▶ [What to do]: Using the data below, return the stretch from the line that contains "(BK BXK : int" through the line that contains "(forall U, BK", both included, exactly as it stands and nothing beyond it.
*** Opening Extracted data ***
(* Let $X$ be an $n$-dimensional projective space over a field, $-1\le t\le s\le n$, and let $K$ be a $k$-dimensional subspace of $X$ with $-1\le k\le n-s-1$. For every integer $-1\le d\le\min\{k,s\}$, suppose integers $t_1(d),s_1(d),t_2(d),s_2(d)$ satisfy $-1\le t_1(d)\le s_1(d)=d$, $-1\le t_2(d)\le s_2(d)$, $t_1(d)+t_2(d)+1=t$ and $s_1(d)+s_2(d)+1=s$, and choose a set $\mathcal B_K(d)\subseteq\mathrm{Gr}_{t_1(d)}(K)$ blocking $\mathrm{Gr}_{s_1(d)}(K)$ and a set $\mathcal B_{X/K}(d)\subseteq\mathrm{Gr}_{t_2(d)}(X/K)$ blocking $\mathrm{Gr}_{s_2(d)}(X/K)$. Then $\mathcal B:=\bigcup_{d=-1}^{\min\{k,s\}}\mathcal B(d)$ is an $(s,t)$-blocking set in $X$, where $$\mathcal B(d):=\{T\in\mathrm{Gr}_t(X): K\cap T\in\mathcal B_K(d),\ \langle K,T\rangle\in\mathcal B_{X/K}(d)\}.$$
   Context: Projective dimension is used (empty subspace has dimension $-1$); $\mathrm{Gr}_d(Y)$ is the set of $d$-dimensional subspaces of $Y$. For a $k$-dimensional subspace $K$ of $X$, the quotient space $X/K$ is the projective space of dimension $\dim X-k-1$ whose $r$-dimensional subspaces are the $(r+k+1)$-dimensional subspaces of $X$ containing $K$; the span $\langle K,T\rangle$ is regarded as an element of $X/K$. A set $\mathcal B$ of $t$-dimensional subspaces blocks a set $\mathcal S$ of $s$-dimensional subspaces if every member of $\mathcal S$ contains a member of $\mathcal B$; an $(s,t)$-blocking set in $X$ is a subset of $\mathrm{Gr}_t(X)$ blocking $\mathrm{Gr}_s(X)$. *)

From HB Require Import structures.
From mathcomp Require Import all_boot all_order all_algebra.
Set Implicit Arguments. Unset Strict Implicit. Unset Printing Implicit Defensive.
Import Order.TTheory GRing.Theory Num.Theory.
Local Open Scope ring_scope.

(* The projective space X is the lattice of subspaces of a finite-dimensional
   vector space V over a field F; X has projective dimension \dim V - 1. *)
Section Proj.
Variables (F : fieldType) (V : vectType F).

Definition pdim (U : {vspace V}) : int := (Posz (\dim U)) - 1.

Definition Gr (d : int) (Y : {vspace V}) : {vspace V} -> Prop :=
  fun U => (U <= Y)%VS /\ pdim U = d.

(* Gr_r(X/K): the r-dimensional subspaces of the quotient X/K, i.e. the
   (r+k+1)-dimensional subspaces of X containing K (k = pdim K). *)
Definition GrQ (K : {vspace V}) (r : int) : {vspace V} -> Prop :=
  fun U => (K <= U)%VS /\ pdim U = r + pdim K + 1.

Definition blocks (B S : {vspace V} -> Prop) : Prop :=
  forall S0, S S0 -> exists T, B T /\ (T <= S0)%VS.
End Proj.

From HB Require Import structures.
From mathcomp Require Import all_boot all_order all_algebra.
From mathcomp Require Import zify.
Import Order.TTheory GRing.Theory Num.Theory.
Local Open Scope ring_scope.

(* Let S be an s-space and d := pdim (K :&: S).  Then K :&: S is a d-space of
   K and K + S an s2(d)-space of X/K, so they contain blocking elements T1 and
   T2.  Every pair T1 <= K :&: S, K <= T2 <= K + S is of the form
   (K :&: T, K + T) for some T <= S: by the modular law, T1 plus a complement
   of K in T2 :&: S will do.  By Grassmann's formula this T is a t-space,
   hence lies in B(d). *)

Section Subspaces.
Set Implicit Arguments.
Context {F : fieldType} {V : vectType F}.
Implicit Types K S T U W : {vspace V}.

Lemma capv_addv_modular K S (T2 : {vspace V}) :
  (K <= T2)%VS -> (T2 :&: (K + S) = K + T2 :&: S)%VS.
Proof.
move=> sKT2; apply/eqP; rewrite eqEsubv subv_add subv_cap sKT2 addvSl.
rewrite (capvS (subvv T2) (addvSr K S)) !andbT.
apply/subvP=> v /memv_capP[T2v /memv_addP[x Kx [y Sy def_v]]].
rewrite def_v in T2v *.
rewrite memv_add // memv_cap Sy andbT.
by rewrite -[y](addKr x) rpredD ?rpredN //; apply: (subvP sKT2).
Qed.

Lemma capv_addv_onto K S (T1 T2 : {vspace V}) :
  (T1 <= K :&: S)%VS -> (K <= T2)%VS -> (T2 <= K + S)%VS ->
  exists2 T, (T <= S)%VS & (K :&: T = T1)%VS /\ (K + T = T2)%VS.
Proof.
move=> sT1KS sKT2 sT2KS; rewrite subv_cap in sT1KS; case/andP: sT1KS => sT1K sT1S.
pose C := ((T2 :&: S) :\: K)%VS.
have CK0 : (C :&: K = 0)%VS := capv_diff _ _.
have sCS : (C <= S)%VS := subv_trans (diffvSl _ _) (capvSr _ _).
have KC : (K + C = T2)%VS.
  by rewrite addvC addv_diff addvC -capv_addv_modular // (capv_idPl sT2KS).
have KT : (K + (T1 + C) = T2)%VS by rewrite addvA (addv_idPl sT1K).
exists (T1 + C)%VS; first by rewrite subv_add sT1S.
split=> //; apply/eqP; rewrite eq_sym eqEdim subv_cap sT1K addvSl /=.
have T1C0 : (T1 :&: C = 0)%VS.
  by apply/eqP; rewrite -subv0 -CK0 capvC capvS.
have := dimv_sum_cap K (T1 + C); rewrite KT dimv_disjoint_sum //.
rewrite -KC dimv_disjoint_sum; last by rewrite capvC.
lia.
Qed.

Lemma pdim_ge U : -1 <= pdim U.
Proof. rewrite /pdim; lia. Qed.

Lemma pdimS U W : (U <= W)%VS -> pdim U <= pdim W.
Proof. by move/dimvS; rewrite /pdim; lia. Qed.

Lemma pdim_cap_add U W : pdim (U :&: W) + pdim (U + W) = pdim U + pdim W.
Proof. by have := dimv_sum_cap U W; rewrite /pdim; lia. Qed.

End Subspaces.

Theorem corollary3p7 (F : fieldType) (V : vectType F)
  (n t s k : int) (K : {vspace V})
  (t1 s1 t2 s2 : int -> int)
  (BK BXK : int -> {vspace V} -> Prop) :
  pdim (fullv : {vspace V}) = n ->
  -1 <= t -> t <= s -> s <= n ->
  pdim K = k -> -1 <= k -> k <= n - s - 1 ->
  (forall d : int, -1 <= d -> d <= k -> d <= s ->
     [/\ -1 <= t1 d, t1 d <= s1 d, s1 d = d, -1 <= t2 d & t2 d <= s2 d] /\
     t1 d + t2 d + 1 = t /\ s1 d + s2 d + 1 = s /\
     (forall U, BK d U -> Gr (t1 d) K U) /\ blocks (BK d) (Gr (s1 d) K) /\
     (forall U, BXK d U -> GrQ K (t2 d) U) /\ blocks (BXK d) (GrQ K (s2 d))) ->
  let Bd := fun (d : int) (T : {vspace V}) =>
    Gr t fullv T /\ BK d (K :&: T)%VS /\ BXK d (K + T)%VS in
  let B := fun T : {vspace V} =>
    exists d : int, [/\ -1 <= d, d <= k, d <= s & Bd d T] in
  (forall T, B T -> Gr t fullv T) /\ blocks B (Gr s fullv).
Proof.
move=> _ _ _ _ pdimK _ _ hyp Bd B.
split=> [T [d [_ _ _ []]] //|S [_ pdimS_eq]].
pose d := pdim (K :&: S).
have d_ge : -1 <= d := pdim_ge _.
have d_le_k : d <= k by rewrite -pdimK pdimS ?capvSl.
have d_le_s : d <= s by rewrite -pdimS_eq pdimS ?capvSr.
have dKS := pdim_cap_add K S.
have [[_ _ s1d _ _] [t12 [s12 [BKt [BKbl [BXKt BXKbl]]]]]] := hyp d d_ge d_le_k d_le_s.
have [T1 [BT1 sT1]] : exists T1, BK d T1 /\ (T1 <= K :&: S)%VS.
  by apply: BKbl; split; [exact: capvSl | rewrite s1d].
have [T2 [BT2 sT2]] : exists T2, BXK d T2 /\ (T2 <= K + S)%VS.
  by apply: BXKbl; split; [exact: addvSl | lia].
have [[_ pdimT1] [sKT2 pdimT2]] := (BKt _ BT1, BXKt _ BT2).
have [T sTS [KT1 KT2]] := capv_addv_onto sT1 sKT2 sT2.
exists T; split=> //; exists d; split=> //; split; last by rewrite KT1 KT2.
split; first exact: subvf.
by have := pdim_cap_add K T; rewrite KT1 KT2; lia.
Qed.
Definition grid_proper h := forall r r' c c', r != r' -> c != c' -> h r c != h r' c'.
Definition grid_tr h : 'I_t -> 'I_t -> K := fun c r => h r c.
Definition grid_colors h : {set K} := [set h r c | r : 'I_t, c : 'I_t].
Definition row_repeats h r := [exists c1, exists c2, (c1 != c2) && (h r c1 == h r c2)].

Lemma grid_proper_tr h : grid_proper h -> grid_proper (grid_tr h).
Proof. by move=> hP c c' r r' nc nr; apply: hP. Qed.

Lemma grid_colors_tr h : grid_colors (grid_tr h) = grid_colors h.
Proof.
by apply/setP => x; apply/imset2P/imset2P => -[a b _ _ ->]; exists b a.
Qed.

Lemma eq_row_repeats h h' r : h r =1 h' r -> row_repeats h r = row_repeats h' r.
Proof. by move=> E; apply: eq_existsb => c1; apply: eq_existsb => c2; rewrite !E. Qed.

Lemma row_repeatsPn h r : reflect (injective (h r)) (~~ row_repeats h r).
Proof.
apply: (iffP idP) => [/existsPn hr c1 c2 E | inj_hr].
  by apply/eqP; apply: contraT => nc; have /existsPn/(_ c2) := hr c1; rewrite nc E eqxx.
by apply/existsPn => c1; apply/existsPn => c2; apply/negP => /andP[/eqP nc /eqP/inj_hr].
Qed.

Lemma repeated_color_in_row h r r' c1 c2 d : grid_proper h ->
  c1 != c2 -> h r c1 = h r c2 -> h r' d = h r c1 -> r' = r.
Proof.
move=> hP nc12 E12 E; apply/eqP; apply: contraT => nr.
have d_eq c : h r' d = h r c -> d = c.
  by move=> Ec; apply/eqP; apply: contraT => nd; have := hP _ _ _ _ nr nd; rewrite Ec eqxx.
by case/negP: nc12; rewrite -(d_eq c1 E) (d_eq c2) // E E12.
Qed.

Definition rep_col h r : 'I_t :=
  odflt r [pick c1 | [exists c2, (c1 != c2) && (h r c1 == h r c2)]].
Definition rep_color h r : K := h r (rep_col h r).

Lemma rep_colP h r : row_repeats h r ->
  exists2 c2, rep_col h r != c2 & h r (rep_col h r) = h r c2.
Proof.
rewrite /rep_col; case: pickP => [c1 /existsP[c2 /andP[nc /eqP E]] _ | none].
  by exists c2.
by case/existsP=> c1 /existsP[c2 hc]; have /existsPn/(_ c2) := negbT (none c1); rewrite hc.
Qed.

Lemma rep_color_inj h : grid_proper h ->
  {in [set r | row_repeats h r] &, injective (rep_color h)}.
Proof.
move=> hP r r'; rewrite !inE => /rep_colP[c nc E] _ Er.
exact/esym/(repeated_color_in_row (d := rep_col h r') hP nc E (esym Er)).
Qed.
*** Closing Extracted data ***
▶ [Output]:
  (BK BXK : int -> {vspace V} -> Prop) :
  pdim (fullv : {vspace V}) = n ->
  -1 <= t -> t <= s -> s <= n ->
  pdim K = k -> -1 <= k -> k <= n - s - 1 ->
  (forall d : int, -1 <= d -> d <= k -> d <= s ->
     [/\ -1 <= t1 d, t1 d <= s1 d, s1 d = d, -1 <= t2 d & t2 d <= s2 d] /\
     t1 d + t2 d + 1 = t /\ s1 d + s2 d + 1 = s /\
     (forall U, BK d U -> Gr (t1 d) K U) /\ blocks (BK d) (Gr (s1 d) K) /\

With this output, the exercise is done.